Below are the records; give again exactly the line with "Lemma geometric_eventually_lt (C", the line with "as [N HN]; [apply", and each line that lies between them, and nothing besides.

§

(* Let $(X,\mathbb{A},d)$ be a complete $C^*$-algebra valued metric space, where $\mathbb{A}$ is a unital $C^*$-algebra. Let $T,S:X\to X$ be mappings such that $$d(T^n x,S^n y)\preceq (q(x,y)^* )^n\,\delta(x,y)\,q(x,y)^n\quad\text{for all }x,y\in X,\ n\in\mathbb{N},$$ where $q:X\times X\to\mathbb{A}$ satisfies $0\le\|q(x,y)\|<1$ for all $x,y\in X$ and $\delta:X\times X\to\mathbb{A}_+$ is a mapping. Then $T$ and $S$ are both orbitally continuous on $X$ if and only if $T$ and $S$ have a unique common fixed point in $X$.
   Context: $\mathbb{A}$ denotes a unital $C^*$-algebra with unit $I$ and zero $\theta$. An element $a\in\mathbb{A}$ is positive, written $a\succeq\theta$, if $a^*=a$ and its spectrum is contained in $[0,\infty)$; $\mathbb{A}_+$ is the set of positive elements, and $a\succeq b$ means $a-b\succeq\theta$. A $C^*$-algebra valued metric space $(X,\mathbb{A},d)$ is a nonempty set $X$ with $d:X\times X\to\mathbb{A}$ such that for all $x,y,z\in X$: $d(x,y)\succeq\theta$, with $d(x,y)=\theta$ iff $x=y$; $d(x,y)=d(y,x)$; $d(x,y)\preceq d(x,z)+d(z,y)$. A sequence $\{x_n\}$ converges to $x$ if $\|d(x_n,x)\|\to0$, and is Cauchy if $\|d(x_n,x_m)\|\to0$ as $n,m\to\infty$; the space is complete if every Cauchy sequence converges to a point of $X$. A self-map $T$ of $X$ is orbitally continuous at $u\in X$ if for every $x\in X$ and every increasing sequence of positive integers $\{n_i\}$, $\|d(T^{n_i}x,u)\|\to0$ implies $\|d(T^{n_i+1}x,Tu)\|\to0$ as $i\to\infty$; $T$ is orbitally continuous on $X$ if it is orbitally continuous at every $u\in X$. *)

From Stdlib Require Import Reals.
Open Scope R_scope.

Record Cplx := mkC { cre : R; cim : R }.
Definition C0 : Cplx := mkC 0 0.
Definition C1 : Cplx := mkC 1 0.
Definition Cadd (z w : Cplx) : Cplx := mkC (cre z + cre w) (cim z + cim w).
Definition Cmul (z w : Cplx) : Cplx :=
  mkC (cre z * cre w - cim z * cim w) (cre z * cim w + cim z * cre w).
Definition Cconj (z : Cplx) : Cplx := mkC (cre z) (- cim z).
Definition Cabs (z : Cplx) : R := sqrt (cre z * cre z + cim z * cim z).

Definition invertible_in {T : Type} (one : T) (mul : T -> T -> T) (b : T) : Prop :=
  exists c, mul b c = one /\ mul c b = one.

Definition positive_in {T : Type} (one : T) (add : T -> T -> T) (opp : T -> T)
  (mul : T -> T -> T) (smul : Cplx -> T -> T) (star : T -> T) (a : T) : Prop :=
  star a = a /\
  forall lam : Cplx,
    ~ invertible_in one mul (add a (opp (smul lam one))) ->
    cim lam = 0 /\ 0 <= cre lam.

Record UnitalCStarAlgebra := {
  car :> Type;
  zero : car;
  one : car;
  add : car -> car -> car;
  opp : car -> car;
  mul : car -> car -> car;
  smul : Cplx -> car -> car;
  star : car -> car;
  norm : car -> R;
  add_assoc : forall a b c, add a (add b c) = add (add a b) c;
  add_comm : forall a b, add a b = add b a;
  add_zero : forall a, add a zero = a;
  add_opp : forall a, add a (opp a) = zero;
  smul_assoc : forall z w a, smul z (smul w a) = smul (Cmul z w) a;
  smul_one : forall a, smul C1 a = a;
  smul_add : forall z a b, smul z (add a b) = add (smul z a) (smul z b);
  smul_addC : forall z w a, smul (Cadd z w) a = add (smul z a) (smul w a);
  mul_assoc : forall a b c, mul a (mul b c) = mul (mul a b) c;
  mul_one_l : forall a, mul one a = a;
  mul_one_r : forall a, mul a one = a;
  mul_add_l : forall a b c, mul (add a b) c = add (mul a c) (mul b c);
  mul_add_r : forall a b c, mul a (add b c) = add (mul a b) (mul a c);
  mul_smul_l : forall z a b, mul (smul z a) b = smul z (mul a b);
  mul_smul_r : forall z a b, mul a (smul z b) = smul z (mul a b);
  star_star : forall a, star (star a) = a;
  star_add : forall a b, star (add a b) = add (star a) (star b);
  star_smul : forall z a, star (smul z a) = smul (Cconj z) (star a);
  star_mul : forall a b, star (mul a b) = mul (star b) (star a);
  norm_nonneg : forall a, 0 <= norm a;
  norm_eq0 : forall a, norm a = 0 -> a = zero;
  norm_smul : forall z a, norm (smul z a) = Cabs z * norm a;
  norm_triangle : forall a b, norm (add a b) <= norm a + norm b;
  norm_submult : forall a b, norm (mul a b) <= norm a * norm b;
  norm_cstar : forall a, norm (mul (star a) a) = norm a * norm a;
  norm_complete : forall u : nat -> car,
    (forall eps, eps > 0 -> exists N, forall n m, (n >= N)%nat -> (m >= N)%nat ->
        norm (add (u n) (opp (u m))) < eps) ->
    exists l, forall eps, eps > 0 -> exists N, forall n, (n >= N)%nat ->
        norm (add (u n) (opp l)) < eps;
  (* Standard THEOREMS of C*-algebra theory (consequences of the axioms above,
     recorded as fields because no spectral theory library is available;
     they do not restrict the class of structures). *)
  pos_add_thm : forall a b,
    positive_in one add opp mul smul star a ->
    positive_in one add opp mul smul star b ->
    positive_in one add opp mul smul star (add a b);
  pos_conj_thm : forall a c,
    positive_in one add opp mul smul star a ->
    positive_in one add opp mul smul star (mul (mul (star c) a) c);
  pos_norm_mono_thm : forall a b,
    positive_in one add opp mul smul star a ->
    positive_in one add opp mul smul star (add b (opp a)) ->
    norm a <= norm b
}.

Arguments zero {_}. Arguments one {_}. Arguments add {_}. Arguments opp {_}.
Arguments mul {_}. Arguments smul {_}. Arguments star {_}. Arguments norm {_}.

Definition cpositive {A : UnitalCStarAlgebra} (a : A) : Prop :=
  positive_in one add opp mul smul star a.

Definition cle {A : UnitalCStarAlgebra} (a b : A) : Prop :=
  cpositive (add b (opp a)).

Fixpoint apow {A : UnitalCStarAlgebra} (n : nat) (a : A) : A :=
  match n with O => one | S k => mul a (apow k a) end.

Definition is_cstar_metric (A : UnitalCStarAlgebra) (X : Type) (d : X -> X -> A) : Prop :=
  inhabited X /\
  (forall x y, cpositive (d x y)) /\
  (forall x y, d x y = zero <-> x = y) /\
  (forall x y, d x y = d y x) /\
  (forall x y z, cle (d x y) (add (d x z) (d z y))).

Definition cm_converges {A : UnitalCStarAlgebra} {X : Type} (d : X -> X -> A)
  (s : nat -> X) (x : X) : Prop :=
  forall eps, eps > 0 -> exists N, forall n, (n >= N)%nat -> norm (d (s n) x) < eps.

Definition cm_cauchy {A : UnitalCStarAlgebra} {X : Type} (d : X -> X -> A)
  (s : nat -> X) : Prop :=
  forall eps, eps > 0 -> exists N, forall n m, (n >= N)%nat -> (m >= N)%nat ->
    norm (d (s n) (s m)) < eps.

Definition cm_complete {A : UnitalCStarAlgebra} {X : Type} (d : X -> X -> A) : Prop :=
  forall s, cm_cauchy d s -> exists x, cm_converges d s x.

Definition orbitally_continuous_at {A : UnitalCStarAlgebra} {X : Type}
  (d : X -> X -> A) (T : X -> X) (u : X) : Prop :=
  forall (x : X) (ni : nat -> nat),
    (forall i, (ni i < ni (S i))%nat) ->
    cm_converges d (fun i => Nat.iter (ni i) T x) u ->
    cm_converges d (fun i => Nat.iter (S (ni i)) T x) (T u).

Definition orbitally_continuous {A : UnitalCStarAlgebra} {X : Type}
  (d : X -> X -> A) (T : X -> X) : Prop :=
  forall u, orbitally_continuous_at d T u.

(* Taking norms, the contractive condition gives
   ||d(T^n x, S^n y)|| <= ||delta(x,y)|| ||q(x,y)||^n, a geometric bound.
   With y = x and y = T x it makes the T-orbit of any point Cauchy (its steps
   are bounded through the S-orbit of x), and the T- and S-orbits of x share
   their limit u; orbital continuity along the full orbits then gives
   T u = u = S u.  With x = u, y = v it shows that a fixed point of T and a
   fixed point of S coincide.  Conversely, if u is a common fixed point, every
   T-orbit and every S-orbit converges to u, and a map all of whose orbits
   converge to one of its fixed points is orbitally continuous. *)
From Stdlib Require Import Reals Lra Psatz.
Open Scope R_scope.

Lemma pow_le_1 (r : R) (n : nat) : 0 <= r <= 1 -> r ^ n <= 1.
Proof. intros Hr. rewrite <- (pow1 n). apply pow_incr. lra. Qed.

Lemma geometric_eventually_lt (C r : R) : 0 <= C -> 0 <= r < 1 ->
  forall eps, eps > 0 -> exists N, forall n, (n >= N)%nat -> C * r ^ n < eps.
Proof.
  intros HC Hr eps Heps.
  destruct (pow_lt_1_zero r ltac:(rewrite Rabs_right; lra) (eps / (C + 1)))
    as [N HN]; [apply Rdiv_lt_0_compat; lra|].
  exists N. intros n Hn. specialize (HN n Hn).
  rewrite Rabs_right in HN by (apply Rle_ge, pow_le; lra).
  pose proof (pow_le r n ltac:(lra)).
  assert ((C + 1) * r ^ n < (C + 1) * (eps / (C + 1)))
    by (apply Rmult_lt_compat_l; lra).
  replace ((C + 1) * (eps / (C + 1))) with eps in * by (field; lra).
  nra.
Qed.

Lemma nat_iter_fixed (X : Type) (f : X -> X) (u : X) (n : nat) :
  f u = u -> Nat.iter n f u = u.
Proof. intros Hu. induction n as [|n IH]; simpl; [|rewrite IH]; auto. Qed.

Lemma strictly_increasing_ge_id (ni : nat -> nat) :
  (forall i, (ni i < ni (S i))%nat) -> forall i, (ni i >= i)%nat.
Proof. intros Hni i. induction i as [|i IH]; [lia|]. specialize (Hni i). lia. Qed.

Section CStarNorm.

Variable A : UnitalCStarAlgebra.

Lemma norm_zero : norm (@zero A) = 0.
Proof.
  set (s := smul C0 (@one A)).
  assert (Hss : s = add s s).
  { unfold s. rewrite <- smul_addC. f_equal. unfold Cadd, C0; simpl. f_equal; ring. }
  assert (Hs0 : s = zero).
  { rewrite <- (add_opp A s). rewrite Hss at 2.
    rewrite <- add_assoc, add_opp, add_zero. reflexivity. }
  rewrite <- Hs0. unfold s. rewrite norm_smul. unfold Cabs, C0; simpl.
  replace (0 * 0 + 0 * 0) with 0 by ring. rewrite sqrt_0. ring.
Qed.

Lemma norm_star_le (a : A) : norm (star a) <= norm a.
Proof.
  pose proof (norm_cstar A (star a)) as Hc. rewrite star_star in Hc.
  pose proof (norm_submult A a (star a)).
  pose proof (norm_nonneg A a). pose proof (norm_nonneg A (star a)).
  nra.
Qed.

Lemma norm_apow_le (a : A) (n : nat) : (n >= 1)%nat -> norm (apow n a) <= norm a ^ n.
Proof.
  induction n as [|[|n] IH]; intros Hn; [lia|simpl; rewrite mul_one_r; lra|].
  change (apow (S (S n)) a) with (mul a (apow (S n) a)).
  change (norm a ^ S (S n)) with (norm a * norm a ^ S n).
  eapply Rle_trans; [apply norm_submult|].
  apply Rmult_le_compat_l; [apply norm_nonneg|apply IH; lia].
Qed.

Lemma norm_conj_apow_le (a b : A) (n : nat) : (n >= 1)%nat ->
  norm (mul (mul (apow n (star a)) b) (apow n a)) <= norm a ^ n * norm b * norm a ^ n.
Proof.
  intros Hn.
  assert (Hs : norm (apow n (star a)) <= norm a ^ n).
  { eapply Rle_trans; [apply norm_apow_le; exact Hn|].
    apply pow_incr. split; [apply norm_nonneg|apply norm_star_le]. }
  eapply Rle_trans; [apply norm_submult|].
  apply Rmult_le_compat; [apply norm_nonneg|apply norm_nonneg| |apply norm_apow_le, Hn].
  eapply Rle_trans; [apply norm_submult|].
  apply Rmult_le_compat_r; [apply norm_nonneg|exact Hs].
Qed.

End CStarNorm.

Section CStarMetric.

Variables (A : UnitalCStarAlgebra) (X : Type) (d : X -> X -> A).
Hypothesis Hd : is_cstar_metric A X d.

Lemma norm_dist_self (x : X) : norm (d x x) = 0.
Proof.
  destruct Hd as (_ & _ & Heq & _ & _).
  rewrite (proj2 (Heq x x) eq_refl). apply norm_zero.
Qed.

§

- ANSWER SPACE:
Lemma geometric_eventually_lt (C r : R) : 0 <= C -> 0 <= r < 1 ->
  forall eps, eps > 0 -> exists N, forall n, (n >= N)%nat -> C * r ^ n < eps.
Proof.
  intros HC Hr eps Heps.
  destruct (pow_lt_1_zero r ltac:(rewrite Rabs_right; lra) (eps / (C + 1)))
    as [N HN]; [apply Rdiv_lt_0_compat; lra|].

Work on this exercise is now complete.